● Task details
Output only the lines below that start at the line containing "[forall d, at_vertex" and end at the line containing "(#|[set c | is_neg (kind D c) && ~~", with both ends kept.

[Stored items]
· · · · · · ·
(* Let $D$ be an oriented virtual singular link diagram, $S$ a state of $D$, and $S'$ the state of $D$ obtained from $S$ by changing the resolution at exactly one classical or singular crossing of $D$. Write $\max_A(\overline{R}(S))=2a(S)+4b(S)+2(\alpha(S)+\|S\|)+4\beta(S)$. (1) If $\|S'\|\neq\|S\|$, then $i(S')=i(S)$ and $\max_A(\overline{R}(S'))\equiv\max_A(\overline{R}(S))\pmod 4$. (2) If $\|S'\|=\|S\|$, then $i(S')=-i(S)$ and $\max_A(\overline{R}(S'))\equiv\max_A(\overline{R}(S))+2\pmod 4$.
   Context: An oriented virtual singular link diagram is a generic immersion of finitely many oriented circles into $\mathbb{R}^2$ with finitely many transverse double points, each decorated as a classical crossing (with over/under information and the usual sign $\pm1$), a singular crossing, or a virtual crossing. At a classical or singular crossing, the oriented resolution replaces it by two disjoint arcs respecting orientation; the disoriented resolution replaces it by one arc joining the two incoming ends with a sink bivalent vertex (both adjacent edges oriented toward it) and one arc joining the two outgoing ends with a source bivalent vertex. Virtual crossings are kept. A state $S$ of $D$ is a choice of resolution at every classical and singular crossing; it is a collection of immersed closed curves (all intersections virtual) with bivalent vertices, edge orientations alternating. $\|S\|$ = number of closed curves of $S$; $a(S)$ = #(negative classical crossings with oriented resolution) $-$ #(positive classical crossings with oriented resolution); $b(S)$ the same for disoriented resolutions; $\alpha(S),\beta(S)$ = numbers of singular crossings with oriented, resp. disoriented, resolution. $\overline{R}(S)=A^{2a(S)+4b(S)}(-A^2-A^{-2})^{\alpha(S)+\|S\|}(-A^4-A^{-4})^{\beta(S)}h^{\frac{1-i(S)}{2}}$, where the parity $i(S)\in\{\pm1\}$ is defined as follows: an edge of $S$ is an arc between consecutive bivalent vertices (a closed curve without vertices is one edge); a weight map is $\tau:E(S)\to\{\pm1\}$ with different values on edges sharing a vertex; $i(S)=\prod_v\tau(e_v)\tau(e_v')$ over all virtual crossings $v$ of $S$, with $e_v,e_v'$ the edges meeting at $v$ (possibly equal); this is independent of $\tau$. *)

From HB Require Import structures.
From mathcomp Require Import all_boot all_order all_algebra.
Set Implicit Arguments. Unset Strict Implicit. Unset Printing Implicit Defensive.
Import Order.TTheory GRing.Theory Num.Theory.

(* Crossings.  Every double point c of the immersion has two strands, numbered *)
(* 1 (false) and 2 (true), each passing through c with an incoming and an     *)
(* outgoing half-edge.  Strand numbering convention: going counterclockwise   *)
(* around c the four half-edges are  in1, in2, out1, out2  (any transverse    *)
(* crossing of two oriented strands admits exactly one such labelling).       *)
(* A classical crossing records whether strand 1 is the over-strand; with the *)
(* convention above, strand 1 over  <=>  the crossing is positive.            *)
Inductive ckind := Classical of bool | Singular | Virtual.

Definition is_virtual k := if k is Virtual then true else false.
Definition is_singular k := if k is Singular then true else false.
Definition is_pos k := if k is Classical o then o else false.
Definition is_neg k := if k is Classical o then ~~ o else false.

(*  - link c s : the (crossing, strand) whose incoming half-edge is reached by *)
(*    following the diagram from the outgoing half-edge of strand s at c;     *)
(*    this is a bijection on C * bool (injective on a finite type);           *)
(*  - ncirc : number of closed components with no double points.             *)
Record diagram (C : finType) := Diagram {
  kind : C -> ckind;
  link : C -> bool -> C * bool;
  link_inj : injective (fun p : C * bool => link p.1 p.2);
  ncirc : nat }.

(* Half-edges (darts): (c, s, o) = strand s at crossing c, outgoing iff o.   *)
Definition dart (C : finType) := (C * bool * bool)%type.

Section Defs.
Variables (C : finType) (D : diagram C).

Definition ext_rel (d e : dart C) : bool :=
  let: (c, s, o) := d in let: (c', s', o') := e in
  (o && ~~ o' && (link D c s == (c', s'))) ||
  (~~ o && o' && (link D c' s' == (c, s))).

Definition nclasses (T : finType) (r : rel T) : nat :=
  #|[set [set y | connect r x y] | x : T]|.

(* counterclockwise rotation at a crossing: in1 -> in2 -> out1 -> out2 -> in1 *)
Definition rot (d : dart C) : dart C :=
  let: (c, s, o) := d in (c, ~~ s, s (+) o).

Definition face_rel (d d' : dart C) : bool :=
  [exists e : dart C, ext_rel d e && (d' == rot e)].

Definition comp_rel (d d' : dart C) : bool :=
  ext_rel d d' || (d.1.1 == d'.1.1).

(* Euler's formula V - E + F = 2 (#components) with V = #|C|, E = 2 #|C|;   *)
(* this is exactly the condition that the 4-valent graph with the rotation  *)
(* system given by the crossings is a disjoint union of plane graphs, i.e.   *)
(* that D comes from a generic immersion of circles in R^2.                 *)
Definition planar : Prop :=
  nclasses face_rel = (#|C| + 2 * nclasses comp_rel)%N.

(* A state: res c = true  <-> oriented resolution at c,                       *)
(*                  false <-> disoriented resolution at c                     *)
(* (ignored at virtual crossings).                                           *)
Variable res : C -> bool.

(* the half-edge at the same crossing to which d is joined inside the state *)
Definition inner (d : dart C) : dart C :=
  let: (c, s, o) := d in
  if is_virtual (kind D c) then (c, s, ~~ o)          (* in1-out1, in2-out2 *)
  else if res c then (c, ~~ s, ~~ o)                   (* oriented: in1-out2, in2-out1 *)
  else (c, ~~ s, o).                                   (* disoriented: in1-in2 (sink), out1-out2 (source) *)

(* d is joined to inner d through a bivalent vertex *)
Definition at_vertex (d : dart C) : bool :=
  ~~ is_virtual (kind D d.1.1) && ~~ res d.1.1.

Definition curve_rel (d e : dart C) : bool := ext_rel d e || (e == inner d).

(* ||S|| : number of closed curves of S *)
Definition nS : nat := (ncirc D + nclasses curve_rel)%N.

(* edges of S: classes of darts joined without passing a bivalent vertex *)
Definition arc_rel (d e : dart C) : bool :=
  ext_rel d e || ((e == inner d) && ~~ at_vertex d).

(* weight maps, seen on darts (constant on each edge of S); the closed curves *)
(* without double points are edges too but play no role in i(S).            *)
Definition weightb (tau : {ffun dart C -> bool}) : bool :=
  [forall d, forall e, arc_rel d e ==> (tau d == tau e)] &&
  [forall d, at_vertex d ==> (tau d != tau (inner d))].

Definition sgb (b : bool) : int := if b then 1%R else (-1)%R.

(* i(S) = prod over virtual crossings v of tau(e_v) tau(e_v'), computed for   *)
(* a chosen weight map (independent of the choice).                          *)
Definition ipar : int :=
  if [pick tau | weightb tau] is Some tau then
    (\prod_(c | is_virtual (kind D c))
        (sgb (tau (c, false, false)) * sgb (tau (c, true, false))))%R
  else 1%R.

Definition a_S : int :=
  (#|[set c | is_neg (kind D c) && res c]|%:Z - #|[set c | is_pos (kind D c) && res c]|%:Z)%R.
Definition b_S : int :=
  (#|[set c | is_neg (kind D c) && ~~ res c]|%:Z - #|[set c | is_pos (kind D c) && ~~ res c]|%:Z)%R.
Definition alpha_S : nat := #|[set c | is_singular (kind D c) && res c]|.
Definition beta_S : nat := #|[set c | is_singular (kind D c) && ~~ res c]|.

Definition maxA : int :=
  (2 * a_S + 4 * b_S + 2 * (alpha_S + nS)%:Z + 4 * beta_S%:Z)%R.

End Defs.

Definition flip_at (C : finType) (res : C -> bool) (c0 : C) : C -> bool :=
  fun c => if c == c0 then ~~ res c else res c.

(* Changing the resolution at the non-virtual crossing [c0] only changes how the four
   half-edges at [c0] are joined.  Following the state from a half-edge at [c0] until
   it first comes back to [c0] pairs these half-edges in one of three ways, and
   comparing that pairing with the oriented and the disoriented joins gives
   ||S'|| = ||S|| - 1, ||S|| + 1 or ||S||; max_A changes by 2 (||S'|| - ||S||) +- 2.
   A weight map of S' is one of S, possibly flipped along the arc of S that leaves
   [c0] and comes back.  Flipping a weight map along a union of closed curves
   multiplies the product over virtual crossings by -1 at each virtual crossing that
   the curves pass along exactly one strand.  Two closed curves in the plane cross an
   even number of times, so the same sign is the product over the classical and
   singular crossings instead; for the arc this leaves only [c0], which counts
   exactly when the arc goes straight through [c0], i.e. when ||S'|| = ||S||.  With
   no exceptional crossing, the same argument shows that i(S) does not depend on the
   weight map.  Planarity enters through Euler's formula, which makes every cycle
   mod 2 of the 4-valent graph the coboundary of a 2-colouring of the faces. *)

From Pilot Require Import Defs.
From HB Require Import structures.
From mathcomp Require Import all_boot all_order all_algebra zify.
From Stdlib Require Import FunctionalExtensionality.
Set Implicit Arguments. Unset Strict Implicit. Unset Printing Implicit Defensive.
Import GRing.Theory.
· · · · · · ·
● Task result
  [forall d, at_vertex d ==> (tau d != tau (inner d))].

Definition sgb (b : bool) : int := if b then 1%R else (-1)%R.

(* i(S) = prod over virtual crossings v of tau(e_v) tau(e_v'), computed for   *)
(* a chosen weight map (independent of the choice).                          *)
Definition ipar : int :=
  if [pick tau | weightb tau] is Some tau then
    (\prod_(c | is_virtual (kind D c))
        (sgb (tau (c, false, false)) * sgb (tau (c, true, false))))%R
  else 1%R.

Definition a_S : int :=
  (#|[set c | is_neg (kind D c) && res c]|%:Z - #|[set c | is_pos (kind D c) && res c]|%:Z)%R.
Definition b_S : int :=
  (#|[set c | is_neg (kind D c) && ~~ res c]|%:Z - #|[set c | is_pos (kind D c) && ~~ res c]|%:Z)%R.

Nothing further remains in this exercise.